■ **To do**
Where the listing below has a line with "Nat.eqb m n", write out exactly that line and every line after it, stopping after the line with "Lemma le_refl a : le a a.".

■ **Data to process**
(* The variety $\mathsf{V}(S_{(4,414)})$ is the ai-semiring variety defined by the identities $xy\approx yx$, $x_1x_2x_3\approx x_1x_2x_3+x_4$, $x_1x_2+x_3x_4\approx x_1x_2+x_3x_4+x_1x_4$.
   Context: An ai-semiring is an algebra $(S,+,\cdot)$ with $(S,+)$ a semilattice, $(S,\cdot)$ a semigroup, and both distributive laws. $\mathsf{V}(S)$ is the variety generated by $S$; ''the ai-semiring variety defined by identities $\Sigma$'' is the class of all ai-semirings satisfying $\Sigma$. $S_{(4,414)}$ has carrier $\{1,2,3,4\}$; addition: $x+x=x$, $2+x=x$, $1+x=1$ for all $x$, $3+4=1$; multiplication (row $a$, column $b$ gives $a\cdot b$): row $1$: $1,1,1,1$; row $2$: $1,3,1,3$; row $3$: $1,1,1,1$; row $4$: $1,3,1,3$. *)

Inductive term : Type :=
| Var : nat -> term
| Add : term -> term -> term
| Mul : term -> term -> term.

Record aiSemiring : Type := AiSemiring {
  car : Type;
  sadd : car -> car -> car;
  smul : car -> car -> car;
  sadd_assoc : forall x y z, sadd x (sadd y z) = sadd (sadd x y) z;
  sadd_comm : forall x y, sadd x y = sadd y x;
  sadd_idem : forall x, sadd x x = x;
  smul_assoc : forall x y z, smul x (smul y z) = smul (smul x y) z;
  smul_distl : forall x y z, smul x (sadd y z) = sadd (smul x y) (smul x z);
  smul_distr : forall x y z, smul (sadd x y) z = sadd (smul x z) (smul y z)
}.

Fixpoint eval (A : aiSemiring) (v : nat -> car A) (t : term) : car A :=
  match t with
  | Var n => v n
  | Add s u => sadd A (eval A v s) (eval A v u)
  | Mul s u => smul A (eval A v s) (eval A v u)
  end.

Definition satisfies (A : aiSemiring) (s t : term) : Prop :=
  forall v : nat -> car A, eval A v s = eval A v t.

Inductive E4 : Type := e1 | e2 | e3 | e4.

Definition add4 (x y : E4) : E4 :=
  match x, y with
  | e1, _ => e1
  | _, e1 => e1
  | e2, z => z
  | z, e2 => z
  | e3, e3 => e3
  | e4, e4 => e4
  | e3, e4 => e1
  | e4, e3 => e1
  end.

Definition mul4 (x y : E4) : E4 :=
  match x, y with
  | e2, e2 => e3
  | e2, e4 => e3
  | e4, e2 => e3
  | e4, e4 => e3
  | _, _ => e1
  end.

Definition S4_414 : aiSemiring.
Proof.
  refine (@AiSemiring E4 add4 mul4 _ _ _ _ _ _);
  intros; repeat match goal with x : E4 |- _ => destruct x; clear x end; reflexivity.
Defined.

(* Membership in the variety V(S) generated by S: A satisfies every identity
   satisfied by S (equivalently, by Birkhoff's HSP theorem, A ∈ HSP(S)). *)
Definition in_variety_gen (S A : aiSemiring) : Prop :=
  forall s t : term, satisfies S s t -> satisfies A s t.

Definition x (n : nat) : term := Var n.

Definition satisfies_Sigma (A : aiSemiring) : Prop :=
  satisfies A (Mul (x 0) (x 1)) (Mul (x 1) (x 0)) /\
  satisfies A (Mul (Mul (x 1) (x 2)) (x 3))
              (Add (Mul (Mul (x 1) (x 2)) (x 3)) (x 4)) /\
  satisfies A (Add (Mul (x 1) (x 2)) (Mul (x 3) (x 4)))
              (Add (Add (Mul (x 1) (x 2)) (Mul (x 3) (x 4))) (Mul (x 1) (x 4))).

From Stdlib Require Import Bool Arith.

(* Modulo Sigma, a product of three or more factors is the top element, so
   every term containing one is equal to every other such term.  A term
   without one is a sum of variables plus products of sums of variables; by
   commutativity and xy + zw >= xw it equals the sum of the variables x in L
   and the products xy with x, y in Q, where L is the set of variables
   occurring as summands and Q the set of variables occurring in products.
   So a term is determined modulo Sigma by this profile.  In S_(4,414),
   sending every variable to 2 except one variable z, sent to 3 or 4, reads
   off whether z lies in Q or in L, so every identity of S_(4,414) relates
   terms of equal profile and follows from Sigma.  Conversely S_(4,414)
   satisfies Sigma by a finite check. *)

Fixpoint is_linear (t : term) : bool :=
  match t with
  | Var _ => true
  | Add a b => is_linear a && is_linear b
  | Mul _ _ => false
  end.

Fixpoint has_long_product (t : term) : bool :=
  match t with
  | Var _ => false
  | Add a b => has_long_product a || has_long_product b
  | Mul a b => negb (is_linear a && is_linear b)
  end.

Fixpoint occurs_linearly (t : term) (n : nat) : bool :=
  match t with
  | Var m => Nat.eqb m n
  | Add a b => occurs_linearly a n || occurs_linearly b n
  | Mul _ _ => false
  end.

Fixpoint occurs_quadratically (t : term) (n : nat) : bool :=
  match t with
  | Var _ => false
  | Add a b => occurs_quadratically a n || occurs_quadratically b n
  | Mul a b => occurs_linearly a n || occurs_linearly b n
  end.

Definition same_profile (s t : term) : Prop :=
  has_long_product s = has_long_product t /\
  (has_long_product s = false -> forall n,
     occurs_linearly s n = occurs_linearly t n /\
     occurs_quadratically s n = occurs_quadratically t n).

Section SemilatticeOrder.

Variable A : aiSemiring.

Definition le (a b : car A) : Prop := sadd A a b = b.

Lemma le_refl a : le a a.
Proof. apply sadd_idem. Qed.

Lemma le_trans a b c : le a b -> le b c -> le a c.
Proof. unfold le; intros Hab Hbc. rewrite <- Hbc, sadd_assoc, Hab. reflexivity. Qed.

Lemma le_antisym a b : le a b -> le b a -> a = b.
Proof. unfold le; intros Hab Hba. rewrite <- Hab, sadd_comm. symmetry. exact Hba. Qed.

Lemma le_add_l a b : le a (sadd A a b).
Proof. unfold le. rewrite sadd_assoc, sadd_idem. reflexivity. Qed.

Lemma le_add_r a b : le b (sadd A a b).
Proof. rewrite sadd_comm. apply le_add_l. Qed.

Lemma add_le a b c : le a c -> le b c -> le (sadd A a b) c.
Proof. unfold le; intros Hac Hbc. rewrite <- sadd_assoc, Hbc, Hac. reflexivity. Qed.

Lemma le_mul_l a b c : le a b -> le (smul A c a) (smul A c b).
Proof. unfold le; intros Hab. rewrite <- smul_distl, Hab. reflexivity. Qed.

Lemma le_mul_r a b c : le a b -> le (smul A a c) (smul A b c).
Proof. unfold le; intros Hab. rewrite <- smul_distr, Hab. reflexivity. Qed.

Lemma le_add_trans_l a b c : le a b -> le a (sadd A b c).
Proof. intros Hab. exact (le_trans _ _ _ Hab (le_add_l b c)). Qed.

Lemma le_add_trans_r a b c : le a c -> le a (sadd A b c).
Proof. intros Hac. exact (le_trans _ _ _ Hac (le_add_r b c)). Qed.

Variable v : nat -> car A.

Lemma var_le_eval t n : occurs_linearly t n = true -> le (v n) (eval A v t).
Proof.
  induction t as [m | t1 IH1 t2 IH2 | t1 _ t2 _]; simpl; intros Hn.
  - apply Nat.eqb_eq in Hn; subst. apply le_refl.
  - apply orb_true_iff in Hn as [Hn | Hn].
    + apply le_add_trans_l, IH1, Hn.
    + apply le_add_trans_r, IH2, Hn.
  - discriminate.
Qed.

Lemma product_le_eval t :
  is_linear t = false -> exists p q, le (smul A p q) (eval A v t).
Proof.
  induction t as [m | t1 IH1 t2 IH2 | t1 _ t2 _]; simpl; intros Hlin.
  - discriminate.
  - apply andb_false_iff in Hlin as [Hlin | Hlin].
    + destruct (IH1 Hlin) as (p & q & Hpq). exists p, q. apply le_add_trans_l, Hpq.
    + destruct (IH2 Hlin) as (p & q & Hpq). exists p, q. apply le_add_trans_r, Hpq.
  - exists (eval A v t1), (eval A v t2). apply le_refl.
Qed.

Lemma additive_image_le_of_linear (f : car A -> car A)
    (f_add : forall a b, f (sadd A a b) = sadd A (f a) (f b)) s c :
  is_linear s = true ->
  (forall n, occurs_linearly s n = true -> le (f (v n)) c) ->
  le (f (eval A v s)) c.
Proof.
  induction s as [m | s1 IH1 s2 IH2 | s1 _ s2 _]; simpl; intros Hlin Hvars.
  - apply Hvars, Nat.eqb_refl.
  - apply andb_true_iff in Hlin as [Hlin1 Hlin2].
    rewrite f_add. apply add_le.
    + apply IH1; [exact Hlin1 |]. intros n Hn. apply Hvars. rewrite Hn. reflexivity.
    + apply IH2; [exact Hlin2 |]. intros n Hn. apply Hvars. rewrite Hn, orb_true_r. reflexivity.
  - discriminate.
Qed.

End SemilatticeOrder.

Section SigmaConsequences.

Variable A : aiSemiring.

Hypothesis mul_comm : forall p q, smul A p q = smul A q p.
Hypothesis cube_top : forall p q r z, le A z (smul A (smul A p q) r).
Hypothesis cross_le :
  forall a b c d, le A (smul A a d) (sadd A (smul A a b) (smul A c d)).

Variable v : nat -> car A.

Lemma long_product_top t z : has_long_product t = true -> le A z (eval A v t).
Proof.
  induction t as [m | t1 IH1 t2 IH2 | t1 _ t2 _]; simpl; intros Hlong.
  - discriminate.
  - apply orb_true_iff in Hlong as [Hlong | Hlong].
    + apply le_add_trans_l, IH1, Hlong.
    + apply le_add_trans_r, IH2, Hlong.
  - apply negb_true_iff, andb_false_iff in Hlong as [Hlin | Hlin].
    + destruct (product_le_eval A v t1 Hlin) as (p & q & Hpq).
      apply (le_trans _ _ _ _ (cube_top p q (eval A v t2) z)), le_mul_r, Hpq.
    + destruct (product_le_eval A v t2 Hlin) as (p & q & Hpq).
      apply (le_trans _ _ _ _ (cube_top (eval A v t1) p q z)).
      rewrite <- smul_assoc. apply le_mul_l, Hpq.
Qed.

Lemma quadratic_var_factor t n :
  occurs_quadratically t n = true -> exists a, le A (smul A (v n) a) (eval A v t).
Proof.
  induction t as [m | t1 IH1 t2 IH2 | t1 _ t2 _]; simpl; intros Hn.
  - discriminate.
  - apply orb_true_iff in Hn as [Hn | Hn].
    + destruct (IH1 Hn) as [a Ha]. exists a. apply le_add_trans_l, Ha.
    + destruct (IH2 Hn) as [a Ha]. exists a. apply le_add_trans_r, Ha.
  - apply orb_true_iff in Hn as [Hn | Hn].
    + exists (eval A v t2). apply le_mul_r, var_le_eval, Hn.
    + exists (eval A v t1). rewrite mul_comm. apply le_mul_l, var_le_eval, Hn.
Qed.

Lemma quadratic_vars_product_le t m n :
  occurs_quadratically t m = true -> occurs_quadratically t n = true ->
  le A (smul A (v m) (v n)) (eval A v t).
Proof.
  intros Hm Hn.
  destruct (quadratic_var_factor t m Hm) as [a Ha].
  destruct (quadratic_var_factor t n Hn) as [b Hb].
  apply (le_trans _ _ _ _ (cross_le (v m) a b (v n))).
  apply add_le; [exact Ha |]. rewrite mul_comm. exact Hb.
Qed.

Lemma linear_product_le t s1 s2 :
  is_linear s1 = true -> is_linear s2 = true ->
  (forall n, occurs_linearly s1 n = true -> occurs_quadratically t n = true) ->
  (forall n, occurs_linearly s2 n = true -> occurs_quadratically t n = true) ->
  le A (smul A (eval A v s1) (eval A v s2)) (eval A v t).
Proof.
  intros Hlin1 Hlin2 Hvars1 Hvars2.
  apply (additive_image_le_of_linear A v (fun a => smul A a (eval A v s2)));
    [intros; apply smul_distr | exact Hlin1 |].
  intros m Hm.
  apply (additive_image_le_of_linear A v (smul A (v m)));
    [intros; apply smul_distl | exact Hlin2 |].
  intros n Hn. apply quadratic_vars_product_le; auto.
Qed.

Lemma eval_le_of_occurrences s t :
  has_long_product s = false ->
  (forall n, occurs_linearly s n = true -> occurs_linearly t n = true) ->
  (forall n, occurs_quadratically s n = true -> occurs_quadratically t n = true) ->
  le A (eval A v s) (eval A v t).
Proof.
  induction s as [m | s1 IH1 s2 IH2 | s1 _ s2 _]; simpl; intros Hlong HL HQ.
  - apply var_le_eval, HL, Nat.eqb_refl.
  - apply orb_false_iff in Hlong as [Hlong1 Hlong2].
    apply add_le.
    + apply IH1; auto; intros n Hn; [apply HL | apply HQ]; rewrite Hn; reflexivity.
    + apply IH2; auto; intros n Hn; [apply HL | apply HQ];
        rewrite Hn, orb_true_r; reflexivity.
  - apply negb_false_iff, andb_true_iff in Hlong as [Hlin1 Hlin2].
    apply linear_product_le; auto; intros n Hn; apply HQ;
      rewrite Hn; [reflexivity | apply orb_true_r].
Qed.

Lemma eval_eq_of_same_profile s t : same_profile s t -> eval A v s = eval A v t.
Proof.
  intros [Hlong Hvars].
  destruct (has_long_product s) eqn:Hs.
  - apply le_antisym; apply long_product_top; congruence.
  - apply le_antisym; apply eval_le_of_occurrences; try congruence;
      intros n; destruct (Hvars eq_refl n) as [HL HQ]; congruence.
Qed.

End SigmaConsequences.

Lemma Sigma_mul_comm A :
  satisfies_Sigma A -> forall p q, smul A p q = smul A q p.
Proof.
  intros (H & _ & _) p q. exact (H (fun n => match n with 0 => p | _ => q end)).
Qed.

Lemma Sigma_cube_top A :
  satisfies_Sigma A -> forall p q r z, le A z (smul A (smul A p q) r).
Proof.
  intros (_ & H & _) p q r z. unfold le. rewrite sadd_comm. symmetry.
  exact (H (fun n => match n with 1 => p | 2 => q | 3 => r | _ => z end)).
Qed.

Lemma Sigma_cross_le A :
  satisfies_Sigma A ->
  forall a b c d, le A (smul A a d) (sadd A (smul A a b) (smul A c d)).
Proof.
  intros (_ & _ & H) a b c d. unfold le. rewrite sadd_comm. symmetry.
  exact (H (fun n => match n with 1 => a | 2 => b | 3 => c | _ => d end)).
Qed.

Lemma S4_414_satisfies_Sigma : satisfies_Sigma S4_414.
Proof.
  repeat split; intros v; simpl;
    destruct (v 0), (v 1), (v 2), (v 3), (v 4); reflexivity.
Qed.

Definition point (a : E4) (z n : nat) : E4 := if Nat.eqb n z then a else e2.

Definition point_value (a : E4) (long lin in_lin in_quad : bool) : E4 :=
  if long then e1
  else add4 (if in_lin then a else e2)
            (if in_quad then mul4 a a else if lin then e2 else e3).

Ltac destruct_ifs H :=
  repeat match type of H with context [if ?b then _ else _] => destruct b end.

Lemma eval_point_linear a z t :
  is_linear t = true ->
  eval S4_414 (point a z) t = if occurs_linearly t z then a else e2.
Proof.
  induction t as [m | t1 IH1 t2 IH2 | t1 _ t2 _]; simpl; intros Hlin.
  - unfold point. rewrite Nat.eqb_sym. reflexivity.
  - apply andb_true_iff in Hlin as [Hlin1 Hlin2].
    rewrite IH1, IH2 by assumption.
    destruct (occurs_linearly t1 z), (occurs_linearly t2 z), a; reflexivity.
  - discriminate.
Qed.

Lemma eval_point a z t :
  eval S4_414 (point a z) t =
  point_value a (has_long_product t) (is_linear t)
              (occurs_linearly t z) (occurs_quadratically t z).
Proof.
  induction t as [m | t1 IH1 t2 IH2 | t1 IH1 t2 IH2]; simpl.
  - unfold point, point_value. rewrite Nat.eqb_sym.
    destruct (Nat.eqb z m), a; reflexivity.
  - rewrite IH1, IH2. unfold point_value.
    destruct (has_long_product t1), (has_long_product t2), (is_linear t1),
      (is_linear t2), (occurs_linearly t1 z), (occurs_linearly t2 z),
      (occurs_quadratically t1 z), (occurs_quadratically t2 z), a; reflexivity.
  - unfold point_value.
    destruct (is_linear t1) eqn:Hlin1; [destruct (is_linear t2) eqn:Hlin2 |]; simpl.
    + rewrite !eval_point_linear by assumption.
      destruct (occurs_linearly t1 z), (occurs_linearly t2 z), a; reflexivity.
    + rewrite IH2. unfold point_value.
      destruct (eval S4_414 (point a z) t1), (has_long_product t2),
        (occurs_linearly t2 z), (occurs_quadratically t2 z), a; reflexivity.
    + rewrite IH1. unfold point_value.
      destruct (eval S4_414 (point a z) t2), (has_long_product t1),
        (occurs_linearly t1 z), (occurs_quadratically t1 z), a; reflexivity.
Qed.

Lemma S4_414_identity_same_profile s t :
  satisfies S4_414 s t -> same_profile s t.
Proof.
  intros HS.
  assert (Hlong : has_long_product s = has_long_product t).
  { pose proof (HS (point e2 0)) as E. rewrite !eval_point in E.
    unfold point_value in E. destruct_ifs E; cbn in E; congruence. }
  split; [exact Hlong |]. intros Hs n.
  pose proof (HS (point e4 n)) as E4. pose proof (HS (point e3 n)) as E3.
  rewrite !eval_point, <- Hlong, Hs in E4, E3. unfold point_value in E4, E3.
  destruct_ifs E4; destruct_ifs E3; cbn in E4, E3; split; congruence.
Qed.

Theorem proposition5p5 :
  forall A : aiSemiring, in_variety_gen S4_414 A <-> satisfies_Sigma A.
Proof.
  intros A; split.
  - intros HA. destruct S4_414_satisfies_Sigma as (H1 & H2 & H3).
    repeat split; apply HA; assumption.
  - intros HSigma s t HS v.
    apply eval_eq_of_same_profile.
    + apply Sigma_mul_comm, HSigma.
    + apply Sigma_cube_top, HSigma.
    + apply Sigma_cross_le, HSigma.
    + apply S4_414_identity_same_profile, HS.
Qed.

■ **Your response**
  | Var m => Nat.eqb m n
  | Add a b => occurs_linearly a n || occurs_linearly b n
  | Mul _ _ => false
  end.

Fixpoint occurs_quadratically (t : term) (n : nat) : bool :=
  match t with
  | Var _ => false
  | Add a b => occurs_quadratically a n || occurs_quadratically b n
  | Mul a b => occurs_linearly a n || occurs_linearly b n
  end.

Definition same_profile (s t : term) : Prop :=
  has_long_product s = has_long_product t /\
  (has_long_product s = false -> forall n,
     occurs_linearly s n = occurs_linearly t n /\
     occurs_quadratically s n = occurs_quadratically t n).

Section SemilatticeOrder.

Variable A : aiSemiring.

Definition le (a b : car A) : Prop := sadd A a b = b.

Lemma le_refl a : le a a.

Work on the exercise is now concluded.